Time to tackle the rank absurdities in UK energy policy


These days, “candlelit dinner” implies romance. In the 1970s it meant the three-day week. It seems hard to believe that Europe has squandered so much of the energy security it built after that period, when France drove a nuclear power revolution, and Norway and Britain drilled in the North Sea. But we are apt to forget the lessons of history until they come round again. 

The Middle East oil shock has underlined both Europe’s vulnerability and the importance of moving away from fossil fuels. Whether the UK should heed Donald Trump’s call to “open up the North Sea” is a different matter. But the OECD forecasts that the UK faces the biggest hit to growth in the G20, so the response must be credible. That means not giving your energy secretary a veto, as the prime minister appeared to do this week.

The UK’s “drill versus no drill” debate feels a bit like a bar brawl between two people who are not seeing straight. At the extremes, the pro-drill, pro-frack contingent are of the “let’s keep dancing ‘til the music stops and worry about carbon emissions later” variety. Their opponents adopt a self-defeating pout: “We’re going to be climate leaders, even if we kill our own economy.” The answer must be to harness every bit of energy supply we can — drill more though not every drop. And to restore faith in climate action by tackling some of the rank absurdities in UK energy policy.

The North Sea won’t give us energy independence because the basin is in decline. And drilling won’t lower household bills since gas sells at the world price. Some of the right’s claims on this are simply illiterate. But there are strong arguments for more domestic gas: to slow job losses, shore up tax revenues and reduce the carbon footprint that comes from importing it. Oil and gas will remain important for Britain’s energy mix for many years, not least because gas is the vital bridge in the green transition.

Ed Miliband has long been regarded as the intransigent block to a more carbon-intensive strategy. Some ministers tried to overturn the manifesto pledge to ban more oil and gas licensing; others pushed in the autumn to oust him from his role as energy secretary. But Keir Starmer backs him. He appreciates Miliband’s Whitehall experience and his vision for energy sovereignty, built on low-carbon jobs in old industrial heartlands.

There is much to like about Miliband’s vision, and his ability to deliver. In less than two years he has reversed the ban on onshore wind and announced investment in a slew of new projects, including small nuclear reactors.

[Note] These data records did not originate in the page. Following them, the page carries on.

(* Let $X$, $Y$ be Hilbert spaces, and let $E_0\in L(X)$ be self-adjoint, nonnegative and with closed range. Let $A_0:X\supset{\rm dom}\,A_0\to X$ be linear and let $\Gamma\in L({\rm dom}\,A_0,Y)$ be surjective, where ${\rm dom}\,A_0$ is equipped with the graph norm $\|x\|_{{\rm dom}\,A_0}=(\|x\|_X^2+\|A_0x\|_X^2)^{1/2}$. Assume that there exists $\omega\in\mathbb{R}$ such that ${\rm Re}\,((A_0-\omega E_0)x,x)_X\le0$ for all $x\in\ker\Gamma$, and some $\lambda_0>\omega$ such that $\lambda_0E_0-A_0|_{\ker\Gamma}:\ker\Gamma\to X$ is surjective. Moreover assume $\ker E_0\cap\ker A_0\cap\ker\Gamma=\{0\}$. Let $Z=X\times Y$ and define $E\in L(X,Z)$ and $A:X\supset{\rm dom}\,A_0\to Z$ by $Ex=(E_0x,0)$, $Ax=(A_0x,\Gamma x)$. Then $(\omega,\infty)\subseteq\rho(E,A)$ and the left resolvent $R_l(\lambda)=E(A-\lambda E)^{-1}$ fulfills condition $\mathbf{(D_2)}$. If moreover $\ker E_0=\{0\}$, then the right resolvent $R_r(\lambda)=(A-\lambda E)^{-1}E$ fulfills condition $\mathbf{(D_1)}$.
   Context: $\rho(E,A)=\{\lambda\in\mathbb{C}:\lambda E-A:{\rm dom}\,A\to Z\text{ bijective}\}$; $R_l$ (with values in $L(Z)$) and $R_r$ (with values in $L(X)$) are pseudo-resolvents on $\Omega=\rho(E,A)$, i.e. $\frac{R(\lambda)-R(\mu)}{\mu-\lambda}=R(\lambda)R(\mu)$ for $\lambda\ne\mu$. Condition $\mathbf{(D_k)}$ for a pseudo-resolvent $R:\Omega\to L(V)$ on a Banach space $V$ ($k\ge1$): there exist $\omega'\in\mathbb{R}$, $M>0$ with $[\omega',\infty)\subseteq\Omega$ and $\|R(\lambda)v\|\le\frac{M}{\lambda-\omega'}\|v\|$ for all $\lambda\in(\omega',\infty)$ and $v\in{\rm ran}\,R(\omega')^{k-1}$ (with ${\rm ran}\,R(\omega')^0=V$). *)

From mathcomp Require Import all_boot all_algebra.
From mathcomp Require Import reals.
From mathcomp Require Export complex.
Import GRing.Theory Num.Theory.
Set Implicit Arguments. Unset Strict Implicit. Unset Printing Implicit Defensive.
Local Open Scope ring_scope.
Local Open Scope complex_scope.

Section Defs.
Variable R : realType.
Local Notation C := R[i].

He has also been more pragmatic than critics allow. In November the government licensed a limited amount of new drilling, in oil and gasfields with existing licences, adjacent to existing infrastructure. It avoided being clobbered by climate activists by calling these “tiebacks”. It also, I am told, came extremely close to abolishing the 2022 windfall tax, which has deterred investment in the North Sea. A few days before the US invaded Iran, Treasury aides met Miliband’s team to finalise an announcement that never happened. Ministers suddenly found themselves in the same position as Tory counterparts had been after Russia invaded Ukraine: facing calls to help with household energy bills and spying a juicy source of revenue.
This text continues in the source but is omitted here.